Professional association in India

The Institute of Directors (IOD), India was established in India on 12 July 1990, as a not-for-profit, apex association of Directors under the India's 'Societies Registration Act XXI of 1860' to improve their professional competence.

IOD is headquartered in New Delhi and has regional offices in Bengaluru | Chennai | Hyderabad | Mumbai. Over the past three decades, it has grown into one of India's leading organisations for directors, associating with more than 30,000 senior executives from government, private, and public sector organisations in India and abroad.

The organisation offers training and development programmes for Company Directors and Senior Executives.
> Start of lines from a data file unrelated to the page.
Set Implicit Arguments.
Unset Strict Implicit.
Unset Printing Implicit Defensive.

Section Rem.
Variable T : eqType.

Lemma filter_rem (p : pred T) y s :
  filter p (rem y s) = if p y then rem y (filter p s) else filter p s.
Proof.
elim: s => [|z s IH] /=; first by case: ifP.
case: (eqVneq z y) => [->|ne] /=; first by case: (p y) => /=; rewrite ?eqxx.
by rewrite IH; case: (p z); case: (p y) => /=; rewrite ?(negbTE ne).
Qed.

Lemma rem_cat_notin (y : T) s1 s2 : y \notin s1 -> rem y (s1 ++ s2) = s1 ++ rem y s2.
Proof.
elim: s1 => //= z s1 IH; rewrite in_cons negb_or => /andP[ne /IH ->].
by rewrite eq_sym (negbTE ne).
Qed.

End Rem.

Section WordEquality.
Variables (T : finType) (e : rel T).

Local Notation letter := (letter T).
Local Notation word := (word T).
Local Notation weq := (weq e).

Lemma linvK : involutive (@linv T).
Proof. by case=> v b; rewrite /linv /= negbK. Qed.

Lemma linv_neq (x : letter) : x != linv x.
Proof. by case: x => v [] /=; rewrite /linv /= xpair_eqE eqxx. Qed.

Lemma weq_refl s : weq s s. Proof. exact: rst_refl. Qed.
Lemma weq_sym s t : weq s t -> weq t s. Proof. exact: rst_sym. Qed.
Lemma weq_trans s t u : weq s t -> weq t u -> weq s u. Proof. exact: rst_trans. Qed.
Lemma weq_step s t : wstep e s t -> weq s t. Proof. exact: rst_step. Qed.

Lemma weq_hom (f : word -> word) :
  (forall s t, wstep e s t -> wstep e (f s) (f t)) ->
  forall s t, weq s t -> weq (f s) (f t).
Proof.
move=> fP s t; elim=> [u v /fP/weq_step //|u|u v _|u v w _ IH1 _ IH2].
- exact: weq_refl.
- exact: weq_sym.
- exact: weq_trans IH2.
Qed.

Lemma weq_catl p s t : weq s t -> weq (p ++ s) (p ++ t).
Proof.
apply: weq_hom => {}s {}t [w1 w2 x|w1 w2 x y exy].
  by rewrite !catA -(catA _ _ w2); apply: wstep_cancel.
by rewrite !catA -!(catA _ _ w2); apply: wstep_comm.
Qed.

Lemma weq_catr q s t : weq s t -> weq (s ++ q) (t ++ q).
Proof.
apply: (@weq_hom (cat^~ q)) => {}s {}t [w1 w2 x|w1 w2 x y exy].
  by rewrite -!catA; apply: wstep_cancel.
by rewrite -!catA; apply: wstep_comm.
Qed.

Lemma weq_cat s s' t t' : weq s s' -> weq t t' -> weq (s ++ t) (s' ++ t').
Proof. by move=> /(weq_catr t) H1 /(weq_catl s') H2; apply: weq_trans H2. Qed.

Lemma weq_cancel x : weq [:: x; linv x] [::].
Proof. by apply: weq_step; have := wstep_cancel e [::] [::] x. Qed.

Lemma weq_mulrV (s : word) : weq (s ++ winv s) [::].
Proof.
elim: s => [|x s IH] /=; first exact: weq_refl.
have -> : winv (x :: s) = winv s ++ [:: linv x] by rewrite /winv /= rev_cons cats1.
apply: weq_trans (weq_cancel x); rewrite catA.
exact: (weq_catl [:: x] (weq_catr [:: linv x] IH)).
Qed.

Lemma winvK : involutive (@winv T).
Proof. by move=> s; rewrite /winv map_rev revK -map_comp (eq_map linvK) map_id. Qed.

Lemma weq_mulVr (s : word) : weq (winv s ++ s) [::].
Proof. by have := weq_mulrV (winv s); rewrite winvK. Qed.

Lemma weq_catl_cancel s t t' : weq (s ++ t) (s ++ t') -> weq t t'.
Proof.
move=> /(weq_catl (winv s)); rewrite !catA => H.
have mulVs r : weq ((winv s ++ s) ++ r) r by have := weq_catr r (weq_mulVr s).
exact: weq_trans (weq_sym (mulVs t)) (weq_trans H (mulVs t')).
Qed.
(** * Uniform Lipschitz bounds *)

Lemma in01_iter_Tmap N x : in01 x -> in01 (Nat.iter N Tmap x).
Proof. intros Hx; induction N as [|N IH]; [exact Hx | apply Tmap_piece, IH]. Qed.

Definition stays_outer (y : R) : Prop :=
  in01 y /\ forall k, Umap (Nat.iter k Tmap y) = 0%nat \/ Umap (Nat.iter k Tmap y) = 3%nat.

Lemma stays_outer_Tmap y : stays_outer y ->
  (Umap y = 0%nat \/ Umap y = 3%nat) /\ (Umap y <= 3)%nat /\ stays_outer (Tmap y) /\
  y = piece_origin (Umap y) + piece_ratio (Umap y) * Tmap y.
Proof.
  intros [Hy Hk]; destruct (Tmap_piece y Hy) as (Hi & HT & Heq).
  assert (Hout : Umap y = 0%nat \/ Umap y = 3%nat) by exact (Hk 0%nat).
  split; [exact Hout | split; [exact Hi | split]].
  - split; [exact HT | intros k; rewrite <- Nat.iter_succ_r; apply Hk].
  - destruct Hout as [Hu | Hu]; rewrite Hu in Heq |- *; exact Heq.
Qed.

Lemma Etilde_stays_outer x0 : in01 x0 -> in_Etilde x0 -> exists N, stays_outer (Nat.iter N Tmap x0).
Proof.
  intros Hx [N HN]; exists N; split; [apply in01_iter_Tmap, Hx |].
  intros k; rewrite <- Nat.iter_add.
  assert (Hstep : beta12 x0 (S (k + N)) = beta12 x0 (k + N))
    by (rewrite (HN (S (k + N))), (HN (k + N)%nat) by lia; reflexivity).
  pose proof (proj1 (Tmap_piece _ (in01_iter_Tmap (k + N) x0 Hx))) as Hle.
  simpl in Hstep; unfold u in Hstep.
  destruct (Umap (Nat.iter (k + N) Tmap x0)) as [|[|[|[|i]]]]; simpl in Hstep; lia.
Qed.

Section ProfileBounds.

Variable lam : R.
Hypothesis Hlam : 0 <= lam < 5/6.

Lemma piece_slope_bound i m : 1 + Rabs (piece_slope lam i m) <= (1 + 6 * lam) * (1 + Rabs m).
Proof.
  pose proof (graph_len_bounds m); pose proof (Rabs_pos m).
  destruct i as [|[|[|i]]]; simpl; try nra;
    [pose proof (Rabs_triang m (6 * lam * graph_len m)) |
     pose proof (Rabs_triang m (- (6 * lam * graph_len m))); rewrite Rabs_Ropp in *];
    rewrite (Rabs_pos_eq (6 * lam * graph_len m)) in * by nra; unfold Rminus; nra.
Qed.

(* Contracting the slope bound [1 + 6 lam] by the ratio [1/6] of the middle pieces
   leaves room for the bump [lam * graph_len m] exactly when [lam < 5/6]. *)
Definition dev_const : R := 6 * lam / (5 - 6 * lam).

Lemma dev_const_fix : dev_const * (1 + 6 * lam) / 6 + lam = dev_const.
Proof. unfold dev_const; field; lra. Qed.

Lemma dev_const_ge0 : 0 <= dev_const.
Proof. unfold dev_const; apply Rdiv_le_0_compat; lra. Qed.

Lemma bump_bounds m w : 0 <= w <= 1 -> 0 <= lam * graph_len m * w <= lam * (1 + Rabs m).
Proof.
  intros Hw; pose proof (graph_len_bounds m).
  assert (0 <= lam * graph_len m) by (apply Rmult_le_pos; lra).
  split; [apply Rmult_le_pos; lra |].
  apply Rle_trans with (lam * graph_len m); [| apply Rmult_le_compat_l; lra].
  rewrite <- (Rmult_1_r (lam * graph_len m)) at 2; apply Rmult_le_compat_l; lra.
Qed.

Lemma profile_dev n m t : in01 t -> Rabs (profile lam n m t - m * t) <= dev_const * (1 + Rabs m).
Proof.
  revert m t; induction n as [|n IH]; intros m t Ht.
  - rewrite profile_gen0 by apply Ht; rewrite Rminus_diag, Rabs_R0.
    pose proof dev_const_ge0; pose proof (Rabs_pos m); nra.
  - destruct (piece_cover t Ht) as (i & v & Hi & Hv & ->).
    rewrite profile_piece by assumption.
    pose proof (IH (piece_slope lam i m) v Hv) as IHv.
    pose proof (piece_slope_bound i m); pose proof (graph_len_bounds m).
    pose proof dev_const_ge0; pose proof dev_const_fix; pose proof (Rabs_pos m).
    destruct i as [|[|[|[|i]]]]; [.. | lia]; simpl piece_origin; simpl piece_ratio;
      simpl piece_height; simpl piece_slope in *.
    + replace (0 + 1/3 * profile lam n m v - m * (0 + 1/3 * v))
        with (1/3 * (profile lam n m v - m * v) + 0) by field.
      eapply Rle_trans;
        [eapply (Rabs_affine_le _ _ _ _ 0); [lra | exact IHv | rewrite Rabs_R0; lra] |]; nra.
    + replace (m / 3 + 1/6 * profile lam n (m + 6 * lam * graph_len m) v - m * (1/3 + 1/6 * v))
        with (1/6 * (profile lam n (m + 6 * lam * graph_len m) v
                     - (m + 6 * lam * graph_len m) * v) + lam * graph_len m * v) by field.
      eapply Rle_trans; [eapply Rabs_affine_le; [lra | exact IHv | apply Rle_refl] |].
      pose proof (bump_bounds m v Hv).
      rewrite (Rabs_pos_eq (lam * graph_len m * v)) by lra; nra.
    + replace (m / 2 + lam * graph_len m + 1/6 * profile lam n (m - 6 * lam * graph_len m) v
               - m * (1/2 + 1/6 * v))
        with (1/6 * (profile lam n (m - 6 * lam * graph_len m) v
                     - (m - 6 * lam * graph_len m) * v) + lam * graph_len m * (1 - v)) by field.
      eapply Rle_trans; [eapply Rabs_affine_le; [lra | exact IHv | apply Rle_refl] |].
      pose proof (bump_bounds m (1 - v) ltac:(lra)).
      rewrite (Rabs_pos_eq (lam * graph_len m * (1 - v))) by lra; nra.
    + replace (2 * m / 3 + 1/3 * profile lam n m v - m * (2/3 + 1/3 * v))
        with (1/3 * (profile lam n m v - m * v) + 0) by field.
      eapply Rle_trans;
        [eapply (Rabs_affine_le _ _ _ _ 0); [lra | exact IHv | rewrite Rabs_R0; lra] |]; nra.
Qed.
(* A measure $\mu$ on $\mathbb Z$ is a doubling minimizer if and only if it is constant.
   Context: $\mathbb Z$ is regarded as the infinite path graph with edges $\{j,j+1\}$ and distance $d(i,j)=|i-j|$. A measure $\mu$ is a weight function $\mu:\mathbb Z\to(0,\infty)$, with $\mu(A)=\sum_{v\in A}\mu(v)$. Closed balls are $B(x,r)=\{y:|x-y|\le r\}$. The doubling constant is $C_\mu=\sup\{\mu(B(x,2k+1))/\mu(B(x,k)): x\in \mathbb Z,\ k\in\{0,1,2,\dots\}\}$; $\mu$ is doubling if $C_\mu<\infty$; $C_{\mathbb Z}=\inf\{C_\mu:\mu\text{ doubling}\}$. A doubling minimizer is a doubling measure $\mu$ with $C_\mu=C_{\mathbb Z}$. *)

From HB Require Import structures.
From mathcomp Require Import all_boot all_order all_algebra.
From mathcomp Require Import all_classical all_reals.
Set Implicit Arguments. Unset Strict Implicit. Unset Printing Implicit Defensive.
Import Order.TTheory GRing.Theory Num.Theory.
Local Open Scope classical_set_scope.
Local Open Scope ring_scope.

(* A measure on Z: a weight function mu : int -> R, assumed positive
   separately where needed.  mu(B(x,r)) for the closed ball
   B(x,r) = {y : |x - y| <= r} = {x - r, ..., x + r}. *)
Definition ball_measure {R : realType} (mu : int -> R) (x : int) (r : nat) : R :=
  \sum_(i < (2 * r).+1) mu (x - r%:Z + i%:Z).

Definition doubling_ratios {R : realType} (mu : int -> R) : set R :=
  [set t | exists (x : int) (k : nat),
      t = ball_measure mu x (2 * k).+1 / ball_measure mu x k].

Definition is_measure {R : realType} (mu : int -> R) : Prop :=
  forall x, 0 < mu x.

Definition doubling {R : realType} (mu : int -> R) : Prop :=
  is_measure mu /\ has_ubound (doubling_ratios mu).

(* C_mu (meaningful when mu is doubling) *)
Definition doubling_const {R : realType} (mu : int -> R) : R :=
  sup (doubling_ratios mu).

Definition CZ (R : realType) : R :=
  inf [set c | exists mu : int -> R, doubling mu /\ c = doubling_const mu].

Definition doubling_minimizer {R : realType} (mu : int -> R) : Prop :=
  doubling mu /\ doubling_const mu = CZ R.

(* The radius-0 doubling ratio at x is (mu(x-1) + mu x + mu(x+1)) / mu x, which equals 3 for
   a constant measure, while every doubling ratio of a constant measure, (4k+3)/(2k+1), is at
   most 3; so constant measures have C_mu = 3.  If C_mu <= 3, the radius-0 ratios say that mu
   is midpoint concave on Z, and a positive concave function on Z is constant (a nonzero
   increment would make it decrease linearly in one direction and eventually become negative).
   Hence C_mu >= 3 for every doubling mu, C_Z = 3, and the minimizers are the constants. *)

From mathcomp Require Import all_boot all_order all_algebra.
From mathcomp Require Import all_classical all_reals.
From mathcomp Require Import zify ring lra.
Set Implicit Arguments.
Unset Strict Implicit.
Unset Printing Implicit Defensive.
Import Order.TTheory GRing.Theory Num.Theory.
Local Open Scope classical_set_scope.
Local Open Scope ring_scope.

Section PositiveConcave.

Variables (R : realType) (f : int -> R).
Hypothesis f_gt0 : forall x, 0 < f x.
Hypothesis f_concave : forall x, f (x - 1) + f (x + 1) <= 2 * f x.

Let incr x := f (x + 1) - f x.

Lemma concave_incr_antitone x (n : nat) : incr (x + n%:Z) <= incr x.
Proof.
elim: n => [|n IHn]; first by rewrite addr0.
apply: le_trans IHn; rewrite -[n.+1]addn1 PoszD addrA.
by have := f_concave (x + n%:Z + 1); rewrite addrK /incr; lra.
Qed.

Lemma concave_le_shiftl x (n : nat) : f (x - n%:Z) <= f x - n%:R * incr x.
Proof.
elim: n => [|n IHn]; first by rewrite subr0 mul0r subr0.
have incr_le := concave_incr_antitone (x - n.+1%:Z) n.+1.
rewrite subrK /incr (_ : x - n.+1%:Z + 1 = x - n%:Z) in incr_le; last by lia.
by move: IHn; rewrite -natr1 mulrDl mul1r /incr; lra.
Qed.

Lemma concave_step_le x : f (x + 1) <= f x.
Proof.
rewrite -subr_le0 -/(incr x) leNgt; apply/negP => incr_gt0.
have [n f_lt] : exists n : nat, f x < n%:R * incr x.
  have := archi_boundP (divr_ge0 (ltW (f_gt0 x)) (ltW incr_gt0)).
  by rewrite ltr_pdivrMr //; exists (Num.bound (f x / incr x)).
by have := concave_le_shiftl x n; have := f_gt0 (x - n%:Z); lra.
Qed.

End PositiveConcave.

Lemma shift_invariant_cst (R : realType) (f : int -> R) :
  (forall x, f (x + 1) = f x) -> forall x, f x = f 0.
Proof.
move=> f_shift.
have f_shiftn y (n : nat) : f (y + n%:Z) = f y.
  elim: n => [|n IHn]; first by rewrite addr0.
  by rewrite -[n.+1]addn1 PoszD addrA f_shift.
case=> n; first by rewrite -[Posz n]add0r f_shiftn.
by rewrite -(f_shiftn (Negz n) n.+1) NegzE addNr.
Qed.

Lemma positive_concave_cst (R : realType) (f : int -> R) :
  (forall x, 0 < f x) -> (forall x, f (x - 1) + f (x + 1) <= 2 * f x) ->
  forall x, f x = f 0.
Proof.
move=> f_gt0 f_concave; apply: shift_invariant_cst => x.
apply/le_anti; rewrite concave_step_le //=.
have f_opp_concave y : f (- (y - 1)) + f (- (y + 1)) <= 2 * f (- y).
  have [-> ->] : - (y - 1) = - y + 1 /\ - (y + 1) = - y - 1 by split; lia.
  by rewrite addrC; exact: f_concave.
have := @concave_step_le R (fun y => f (- y)) (fun y => f_gt0 _) f_opp_concave (- x - 1).
by rewrite subrK opprK opprB opprK [1 + x]addrC.
Qed.

Lemma ball_measure0 (R : realType) (mu : int -> R) x : ball_measure mu x 0 = mu x.
Proof. by rewrite /ball_measure big_ord_recr big_ord0 /= add0r subr0 addr0. Qed.

Lemma ball_measure1 (R : realType) (mu : int -> R) x :
  ball_measure mu x 1 = mu (x - 1) + mu x + mu (x + 1).
Proof.
rewrite /ball_measure !big_ord_recr big_ord0 /= add0r addr0.
by congr (mu _ + mu _ + mu _); lia.
Qed.

Lemma ball_measure_cst (R : realType) (c : R) x r :
  ball_measure (fun=> c) x r = c *+ (2 * r).+1.
Proof. by rewrite /ball_measure sumr_const card_ord. Qed.

Lemma doubling_ratio_le_const (R : realType) (mu : int -> R) x k : doubling mu ->
  ball_measure mu x (2 * k).+1 / ball_measure mu x k <= doubling_const mu.
Proof. by case=> _ ratios_ub; apply: ub_le_sup => //; exists x, k. Qed.

Lemma unit_ratio_le3_concave (R : realType) (mu : int -> R) x : 0 < mu x ->
  ball_measure mu x 1 / ball_measure mu x 0 <= 3 ->
  mu (x - 1) + mu (x + 1) <= 2 * mu x.
Proof. by move=> mu_gt0; rewrite ball_measure1 ball_measure0 ler_pdivrMr //; lra. Qed.

Lemma cst_unit_ratio (R : realType) (c : R) x : 0 < c ->
  ball_measure (fun=> c) x 1 / ball_measure (fun=> c) x 0 = 3.
Proof.
by move=> c_gt0; rewrite 2!ball_measure_cst -2![c *+ _]mulr_natr; field; lra.
Qed.

Lemma doubling_const_ge3 (R : realType) (mu : int -> R) : doubling mu -> 3 <= doubling_const mu.
Proof.
move=> mu_doubling; rewrite leNgt; apply/negP => C_lt3.
have mu_gt0 := mu_doubling.1.
have ratio_le x := doubling_ratio_le_const x 0 mu_doubling.
have mu_cst : forall x, mu x = mu 0.
  apply: positive_concave_cst => // x; apply: unit_ratio_le3_concave => //.
  exact: le_trans (ratio_le x) (ltW C_lt3).
have := le_lt_trans (ratio_le 0) C_lt3.
by rewrite (funext mu_cst) cst_unit_ratio ?ltxx.
Qed.

Lemma doubling_cst (R : realType) (c : R) : 0 < c ->
  doubling (fun=> c) /\ doubling_const (fun=> c) = 3.
Proof.
move=> c_gt0.
have ratios_le3 : ubound (doubling_ratios (fun=> c)) 3.
  move=> _ [x [k ->]]; rewrite 2!ball_measure_cst -2![c *+ _]mulr_natr.
  by rewrite ler_pdivrMr ?mulr_gt0 // mulrCA ler_pM2l // -natrM ler_nat; lia.
have ratio3 : doubling_ratios (fun=> c) 3 by exists 0, 0%N; rewrite cst_unit_ratio.
split; first by split=> //; exists 3.
apply/le_anti/andP; split; first by apply: ge_sup => //; exists 3.
by apply: ub_le_sup => //; exists 3.
Qed.

Lemma CZ_eq3 (R : realType) : CZ R = 3.
Proof.
have [one_doubling one_const] := @doubling_cst R 1 ltr01.
rewrite /CZ; set consts := [set _ | _].
have const3 : consts 3 by exists (fun=> 1).
have consts_ge3 : lbound consts 3.
  by move=> _ [mu [mu_doubling ->]]; exact: doubling_const_ge3.
apply/le_anti/andP; split; last by apply: lb_le_inf => //; exists 3.
by apply: ge_inf => //; exists 3.
Qed.

Theorem theorem4p6 (R : realType) (mu : int -> R) (hmu : forall x, 0 < mu x) :
  doubling_minimizer mu <-> exists c : R, forall x, mu x = c.
Proof.
split=> [[mu_doubling C_eq] | [c mu_c]].
  exists (mu 0); apply: positive_concave_cst => // x.
  apply: unit_ratio_le3_concave => //.
  by rewrite -(CZ_eq3 R) -C_eq; exact: (doubling_ratio_le_const x 0).
have -> : mu = fun=> c by apply: funext.
have c_gt0 : 0 < c by rewrite -(mu_c 0).
have [cst_doubling cst_const] := doubling_cst c_gt0.
by split; rewrite // cst_const CZ_eq3.
Qed.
Its flagship training programme, the Masterclass for Directors, provides boardroom skills, governance insights, and leadership development to corporate leaders, and it also supports independent director placement.

IOD organises National and International Conferences, Webinars, Workshops, and Global Conventions focusing on corporate governance, sustainability, and leadership issues. Institute of Directors also publishes Directors Handbooks, Research Papers, Corporate Books, and a monthly journal to keep directors informed named as Directors Today of emerging trends and best practices.

The Golden Peacock Awards for Corporate Leadership and Institutional Excellence is a series of annual corporate accolades. The awards attract over 1,000 applications across sixteen categories each year.

The organisation's mission is to cultivate effective boards, advance corporate governance, and foster leadership that contributes to sustainable growth and ethical decision-making.